Я с изумлением поняла, что нахожусь в маминой театральной квартире. Марко поймал мой взгляд.

– Да, я решил подбросить тебя до дома. Ты же не против?

– Я только за. Значит, торгуешь политическим влиянием?

– Что-то типа того. Выгодный бизнес. Ты могла бы быть очень полезна нам.

– Шантаж? Скандальные фото?

– О, перестань! Одри вас щелкнула, да, но я не имею к этому никакого отношения. Шторы надо задергивать.

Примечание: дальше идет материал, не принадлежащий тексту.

(* Let $g:\mathbb{R}\to\mathbb{R}$ be semi-convex (on $\mathbb{R}$) with a modulus $\omega$ such that $$\int_0^1\frac{\omega(t)}{t}\,dt<\infty.$$ Then there exists a separately convex function $f:\mathbb{R}^2\to\mathbb{R}$ such that $f(u,u)=g(u)$ for each $u\in\mathbb{R}$.
   Context: A function $f:\mathbb{R}^d\to\mathbb{R}$ is called separately convex if it is convex on every line parallel to a coordinate axis. A modulus is a non-decreasing function $\omega:[0,\infty)\to[0,\infty)$ with $\lim_{t\to0+}\omega(t)=0$. For a convex set $M$, a real function $g$ defined on a superset of $M$ is semi-convex with modulus $\omega$ on $M$ if $$g(\alpha x+(1-\alpha)y)\le \alpha g(x)+(1-\alpha)g(y)+\alpha(1-\alpha)\|x-y\|\,\omega(\|x-y\|)$$ for all $x,y\in M$ and all $\alpha\in(0,1)$. *)

From HB Require Import structures.
From mathcomp Require Import all_boot all_order all_algebra.
From mathcomp Require Import all_classical all_reals all_analysis.
Set Implicit Arguments. Unset Strict Implicit. Unset Printing Implicit Defensive.
Import Order.TTheory GRing.Theory Num.Theory.
Import numFieldNormedType.Exports.
Local Open Scope classical_set_scope.
Local Open Scope ring_scope.

(* A modulus: omega : [0,oo) -> [0,oo), non-decreasing, omega t -> 0 as t -> 0+.
   Represented as a function R -> R; values at negative arguments are irrelevant. *)
Definition is_modulus (R : realType) (omega : R -> R) : Prop :=
  (forall t, 0 <= t -> 0 <= omega t) /\
  (forall s t, 0 <= s -> s <= t -> omega s <= omega t) /\
  (omega t @[t --> 0^'+] --> 0).
Lemma ex_RInt_period (g : R -> R -> R) t :
  (forall x y, continuity_2d_pt g x y) -> ex_RInt (g t) 0 (2 * PI).
Proof. intro H. apply ex_RInt_cont. intros. apply continuous_section, H. Qed.

Lemma continuous_RInt_period (g : R -> R -> R) x :
  (forall x y, continuity_2d_pt g x y) -> continuous (fun t => RInt (g t) 0 (2 * PI)) x.
Proof.
  intro H. apply (continuous_RInt_param g 0 (2 * PI) x 1); [| lra | intros; apply H].
  assert (0 < PI) by apply PI_RGT_0. lra.
Qed.

Lemma ex_RInt_RInt_period (g : R -> R -> R) a b :
  (forall x y, continuity_2d_pt g x y) -> ex_RInt (fun t => RInt (g t) 0 (2 * PI)) a b.
Proof. intro H. apply ex_RInt_cont. intros. apply continuous_RInt_period, H. Qed.

Lemma RInt_dflux_f (mz : Z) t : m = IZR mz -> RInt (dflux_f t) 0 (2 * PI) = 0.
Proof.
  intro Hm. rewrite (RInt_FTC (flux_f t)).
  - unfold flux_f, reg_norm, phase_t, phase_f, phase.
    rewrite cos_2PI, sin_2PI, cos_0, sin_0, Hm.
    replace (K * exp t * 1 + nu * t + IZR mz * (2 * PI) + c)
      with ((K * exp t * 1 + nu * t + IZR mz * 0 + c) + 2 * PI * IZR mz) by ring.
    rewrite sin_period_Z. apply Rminus_diag_eq. reflexivity.
  - intros f _. apply is_derive_flux_f.
  - intros f _. apply continuous_section, continuous_dflux_f.
Qed.

Lemma is_derive_RInt_flux_t t :
  is_derive (fun u => RInt (flux_t u) 0 (2 * PI)) t (RInt (dflux_t t) 0 (2 * PI)).
Proof.
  replace (RInt (dflux_t t) 0 (2 * PI))
    with (RInt (fun f => Derive (fun u => flux_t u f) t) 0 (2 * PI)).
  - apply is_derive_RInt_param.
    + apply filter_forall. intros; eexists; apply is_derive_flux_t.
    + intros f _. apply continuity_2d_pt_ext with (f := dflux_t); [| apply continuous_dflux_t].
      intros; symmetry; apply is_derive_unique, is_derive_flux_t.
    + apply filter_forall. intros; apply ex_RInt_period, continuous_flux_t.
  - apply RInt_extR. intros; apply is_derive_unique, is_derive_flux_t.
Qed.

Lemma RInt_cos_phase (mz : Z) A B : m = IZR mz ->
  RInt (fun t => RInt (fun f => cos (phase t f)) 0 (2 * PI)) A B =
  RInt (flux_t B) 0 (2 * PI) - RInt (flux_t A) 0 (2 * PI)
  + RInt (fun t => RInt (remainder t) 0 (2 * PI)) A B.
Proof.
  intro Hm.
  assert (Ht := ex_RInt_period dflux_t). assert (Hf := ex_RInt_period dflux_f).
  assert (Hr := ex_RInt_period remainder).
  transitivity (RInt (fun t => RInt (dflux_t t) 0 (2 * PI) + RInt (remainder t) 0 (2 * PI)) A B).
  - apply RInt_extR. intros t _.
    rewrite (RInt_extR _ (fun f => (dflux_t t f + dflux_f t f) + remainder t f))
      by (intros; apply cos_phase_divergence).
    rewrite (RInt_plusR (fun f => dflux_t t f + dflux_f t f)), RInt_plusR, (RInt_dflux_f mz) by
      (auto using continuous_dflux_t, continuous_dflux_f, continuous_remainder;
       apply (ex_RInt_plus (V:=R_NormedModule)); auto using continuous_dflux_t, continuous_dflux_f).
    ring.
  - rewrite RInt_plusR by (apply ex_RInt_RInt_period; auto using continuous_dflux_t, continuous_remainder).
    f_equal. apply (RInt_FTC (fun u => RInt (flux_t u) 0 (2 * PI))).
    + intros; apply is_derive_RInt_flux_t.
    + intros; apply continuous_RInt_period, continuous_dflux_t.
Qed.

Lemma flux_t_bound t f : Rabs (flux_t t f) <= / sqrt (reg_norm t f).
Proof.
  assert (HN := reg_norm_pos t f). unfold flux_t.
  set (N := reg_norm t f) in *.
  assert (HsN : 0 < sqrt N) by (apply sqrt_lt_R0; auto).
  assert (HP : Rabs (phase_t t f) <= sqrt N).
  { rewrite <- sqrt_Rsqr_abs. apply sqrt_le_1_alt. unfold N, reg_norm, Rsqr.
    assert (0 <= phase_f t f ^ 2) by apply pow2_ge_0. nra. }
  assert (Hs : Rabs (sin (phase t f)) <= 1) by (apply Rabs_le, SIN_bound).
  unfold Rdiv. rewrite !Rabs_mult, (Rabs_pos_eq (/ N)) by (left; apply Rinv_0_lt_compat; auto).
  apply Rle_trans with (sqrt N * / N).
  - apply Rmult_le_compat_r; [left; apply Rinv_0_lt_compat; auto |].
    rewrite <- (Rmult_1_r (sqrt N)). apply Rmult_le_compat; auto using Rabs_pos.
  - right. rewrite <- (sqrt_sqrt N) at 2 by lra. field. lra.
Qed.

Lemma rotation_bound P Q f :
  Rabs ((P ^ 2 - Q ^ 2) * cos f - 2 * P * Q * sin f) <= P ^ 2 + Q ^ 2.
Proof.
  assert (H1 := sin2_cos2 f). unfold Rsqr in H1.
  assert (E : (P ^ 2 + Q ^ 2) ^ 2 - ((P ^ 2 - Q ^ 2) * cos f - 2 * P * Q * sin f) ^ 2 =
              ((P ^ 2 - Q ^ 2) * sin f + 2 * P * Q * cos f) ^ 2).
  { apply Rminus_diag_uniq.
    transitivity ((P ^ 2 + Q ^ 2) ^ 2 * (1 - (sin f * sin f + cos f * cos f))); [ring |].
    rewrite H1. ring. }
  assert (0 <= P ^ 2) by apply pow2_ge_0. assert (0 <= Q ^ 2) by apply pow2_ge_0.
  rewrite <- (Rabs_pos_eq (P ^ 2 + Q ^ 2)) by lra.
  apply Rsqr_le_abs_0. unfold Rsqr.
  assert (0 <= ((P ^ 2 - Q ^ 2) * sin f + 2 * P * Q * cos f) ^ 2) by apply pow2_ge_0. nra.
Qed.

Lemma remainder_bound t f : 0 <= K ->
  Rabs (remainder t f) <= (lam + 2 * K * exp t) / reg_norm t f.
Proof.
  intro HK. assert (HN := reg_norm_pos t f). assert (He := exp_pos t).
  unfold remainder.
  assert (HD := rotation_bound (phase_t t f) (phase_f t f) f).
  assert (HPQ : phase_t t f ^ 2 + phase_f t f ^ 2 <= reg_norm t f) by (unfold reg_norm; lra).
  set (N := reg_norm t f) in *. set (D := (phase_t t f ^ 2 - phase_f t f ^ 2) * cos f
    - 2 * phase_t t f * phase_f t f * sin f) in *.
  assert (Hc : Rabs (cos (phase t f)) <= 1) by (apply Rabs_le, COS_bound).
  assert (Hs : Rabs (sin (phase t f)) <= 1) by (apply Rabs_le, SIN_bound).
  assert (HiN : 0 < / N) by (apply Rinv_0_lt_compat; auto).
  eapply Rle_trans; [apply Rabs_triang |].
  unfold Rdiv. rewrite !Rabs_mult, (Rabs_pos_eq lam), (Rabs_pos_eq (/ N)), (Rabs_pos_eq 2),
    (Rabs_pos_eq K), (Rabs_pos_eq (exp t)), (Rabs_pos_eq (/ N ^ 2)) by
    (try apply Rlt_le, Rinv_0_lt_compat, pow_lt; lra).
  replace (/ N ^ 2) with (/ N * / N) by (field; lra).
  assert (Rabs D * / N <= 1).
  { apply Rmult_le_reg_r with N; auto. rewrite Rmult_assoc, Rinv_l by lra. lra. }
  assert (lam * Rabs (cos (phase t f)) * / N <= lam * / N).
  { rewrite Rmult_assoc, (Rmult_comm _ (/ N)), <- Rmult_assoc.
    rewrite <- (Rmult_1_r (lam * / N)) at 2. apply Rmult_le_compat_l; nra. }
  assert (Rabs (sin (phase t f)) * (2 * K * exp t * Rabs D) * (/ N * / N) <= 2 * K * exp t * / N).
  { replace (Rabs (sin (phase t f)) * (2 * K * exp t * Rabs D) * (/ N * / N))
      with (Rabs (sin (phase t f)) * (Rabs D * / N) * (2 * K * exp t * / N)) by ring.
    rewrite <- (Rmult_1_l (2 * K * exp t * / N)) at 2.
    apply Rmult_le_compat_r; [apply Rmult_le_pos; [nra | lra] |].
    rewrite <- (Rmult_1_l 1). apply Rmult_le_compat; auto using Rabs_pos.
    apply Rmult_le_pos; [apply Rabs_pos | lra]. }
  lra.
Qed.

End Phase.

(* Lower bounds on the regularised norm when (nu, m) = K x0 (-cos phi0, sin phi0)
   and lambda = K^2 mu: the gradient of the phase vanishes only at the point
   (e^t, phi) = (x0, phi0), and reg_norm / K^2 is mu plus the squared
   distance between e^t e^{i phi} and x0 e^{i phi0}. *)
Section Geometry.
Variables (K nu m c x0 mu ph0 : R).
Hypothesis K_pos : 0 < K.
Hypothesis mu_pos : 0 < mu.
Hypothesis x0_range : 1 / 4 <= x0 <= 4.
Hypothesis nu_polar : nu = - K * x0 * cos ph0.
Hypothesis m_polar : m = K * x0 * sin ph0.

(* Squared distance |e^t e^{ip} - x0|^2. *)
Definition gap t p := (exp t - x0) ^ 2 + 2 * x0 * exp t * (1 - cos p).

Lemma gap_nonneg t p : 0 <= gap t p.
Proof.
  unfold gap. assert (0 <= (exp t - x0) ^ 2) by apply pow2_ge_0.
  assert (H1 := COS_bound p). assert (0 < exp t) by apply exp_pos.
  assert (0 <= 2 * x0 * exp t * (1 - cos p)) by (repeat apply Rmult_le_pos; lra). lra.
Qed.

Lemma gap_lower t p : - PI <= p <= PI ->
  (exp t - x0) ^ 2 + x0 * exp t * p ^ 2 / 9 <= gap t p.
Proof.
  intros Hp. unfold gap. apply Rplus_le_compat_l.
  replace (x0 * exp t * p ^ 2 / 9) with (2 * x0 * exp t * (p ^ 2 / 18)) by field.
  assert (0 < exp t) by apply exp_pos.
  apply Rmult_le_compat_l; [nra | apply one_minus_cos_lower; auto].
Qed.

Lemma lam_pos : 0 < K ^ 2 * mu.
Proof. apply Rmult_lt_0_compat; [apply pow_lt |]; auto. Qed.

Lemma reg_norm_polar t f : reg_norm K nu m (K ^ 2 * mu) t f = K ^ 2 * (gap t (f - ph0) + mu).
Proof.
  unfold reg_norm, phase_t, phase_f, gap. rewrite cos_minus, nu_polar, m_polar.
  assert (H1 := sin2_cos2 f). assert (H2 := sin2_cos2 ph0). unfold Rsqr in *.
  apply Rminus_diag_uniq.
  transitivity (K ^ 2 * exp t ^ 2 * (sin f * sin f + cos f * cos f - 1)
              + K ^ 2 * x0 ^ 2 * (sin ph0 * sin ph0 + cos ph0 * cos ph0 - 1)); [ring |].
  rewrite H1, H2. ring.
Qed.

(* A phi-integral dominated by a function h of reg_norm can be recentred at
   phi0, where the lower bound on the gap yields an explicit majorant k. *)
Lemma RInt_period_abs_le (g : R -> R -> R) (h k : R -> R) t :
  (forall x y, continuity_2d_pt g x y) -> (forall y, 0 < y -> continuous h y) ->
  (forall p, continuous k p) ->
  (forall f, Rabs (g t f) <= h (reg_norm K nu m (K ^ 2 * mu) t f)) ->
  (forall p, - PI <= p <= PI -> h (K ^ 2 * (gap t p + mu)) <= k p) ->
  Rabs (RInt (g t) 0 (2 * PI)) <= RInt k (- PI) PI.
Proof.
  intros Hg Hh Hk Hle Hhk. assert (HPI := PI_RGT_0).
  set (hg := fun p => h (K ^ 2 * (gap t p + mu))).
  assert (Hhg : forall p, continuous hg p).
  { intro p. apply (continuous_comp (fun p => K ^ 2 * (gap t p + mu)) h).
    - apply derivable_continuous. unfold gap. auto_derive. auto.
    - apply Hh. assert (H := gap_nonneg t p). apply Rmult_lt_0_compat; [apply pow_lt |]; lra. }
  eapply Rle_trans; [apply abs_RInt_le; [lra | apply ex_RInt_period; auto] |].
  eapply Rle_trans; [apply RInt_le with (g := fun f => hg (f - ph0)); [lra | | | ] |].
  - apply ex_RInt_cont. intros z _. apply (continuous_comp _ Rabs); [| apply continuous_Rabs].
    apply continuous_section, Hg.
  - apply ex_RInt_cont. intros z _. apply (continuous_comp (fun f => f - ph0) hg); auto.
    apply derivable_continuous. auto_derive. auto.
  - intros f _. unfold hg. rewrite <- reg_norm_polar. auto.
  - rewrite (RInt_periodic_shift hg); auto.
    + apply RInt_le; [lra | apply ex_RInt_cont; auto | apply ex_RInt_cont; auto |].
      intros; apply Hhk; lra.
    + intro p. unfold hg, gap. rewrite cos_plus, cos_2PI, sin_2PI.
      f_equal. f_equal. f_equal. f_equal. f_equal. ring.
Qed.

Lemma boundary_flux_bound t : 1 / 8 <= exp t ->
  Rabs (RInt (flux_t K nu m c (K ^ 2 * mu) t) 0 (2 * PI))
    <= / K * (ln (4 + 4 * (1 / 288) * PI ^ 2 / mu) / sqrt (1 / 288)).
Proof.
  intro Het. assert (HPI := PI_RGT_0).
  assert (Hq : forall p, 0 < mu + 1 / 288 * (p - 0) ^ 2)
    by (intro p; assert (0 <= (p - 0) ^ 2) by apply pow2_ge_0; lra).
  assert (Hcq : forall p, continuous (fun p => / sqrt (mu + 1 / 288 * (p - 0) ^ 2)) p).
  { intro p. apply derivable_continuous. auto_derive.
    assert (0 <= (p - 0) * ((p - 0) * 1)) by nra.
    repeat split; try lra. apply Rgt_not_eq, sqrt_lt_R0. lra. }
  eapply Rle_trans.
  - apply (RInt_period_abs_le _ (fun y => / sqrt y)
             (fun p => / K * / sqrt (mu + 1 / 288 * (p - 0) ^ 2))).
    + apply continuous_flux_t, lam_pos.
    + intros y Hy. apply derivable_continuous. auto_derive.
      repeat split; try lra. apply Rgt_not_eq, sqrt_lt_R0; lra.
    + intro p. apply continuous_scalR; auto.
    + intro f. apply flux_t_bound, lam_pos.
    + intros p Hp.
      assert (HX := gap_lower t p Hp). assert (H5 := gap_nonneg t p).
      assert (mu + 1 / 288 * (p - 0) ^ 2 <= gap t p + mu).
      { assert (0 <= (exp t - x0) ^ 2) by apply pow2_ge_0. assert (0 <= p ^ 2) by apply pow2_ge_0.
        assert (1 / 32 <= x0 * exp t) by nra.
        replace ((p - 0) ^ 2) with (p ^ 2) by ring. nra. }
      rewrite sqrt_mult, sqrt_pow2, Rinv_mult by (try apply pow2_ge_0; lra).
      apply Rmult_le_compat_l; [left; apply Rinv_0_lt_compat; auto |].
      apply Rinv_le_contravar; [apply sqrt_lt_R0; auto | apply sqrt_le_1_alt; auto].
  - rewrite RInt_scalR by (apply ex_RInt_cont; auto).
    apply Rmult_le_compat_l; [left; apply Rinv_0_lt_compat; auto |].
    replace (- PI) with (0 - PI) by ring. replace PI with (0 + PI) at 2 by ring.
    apply RInt_inv_sqrt_quadratic_bound; lra.
Qed.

– И линзы прятать получше, особенно когда хочешь сменить министра обороны! – ответила я без особой вражды. Мы были похожи на двух шахматистов, партия которых только-только перевалила за первую треть. Мы не спешили. Я пыталась понять, почему он привез меня к матери на квартиру. Хочет убить меня здесь и свалить всё на маму?

– Господи, из-за такой ерунды! Ты нашла линзы? Дурак этот Вайтер, я ведь советовал ему не высовываться, сидеть дома, а он все твердил, что знает, что делает. Чертов мастер маскировки. Глупец!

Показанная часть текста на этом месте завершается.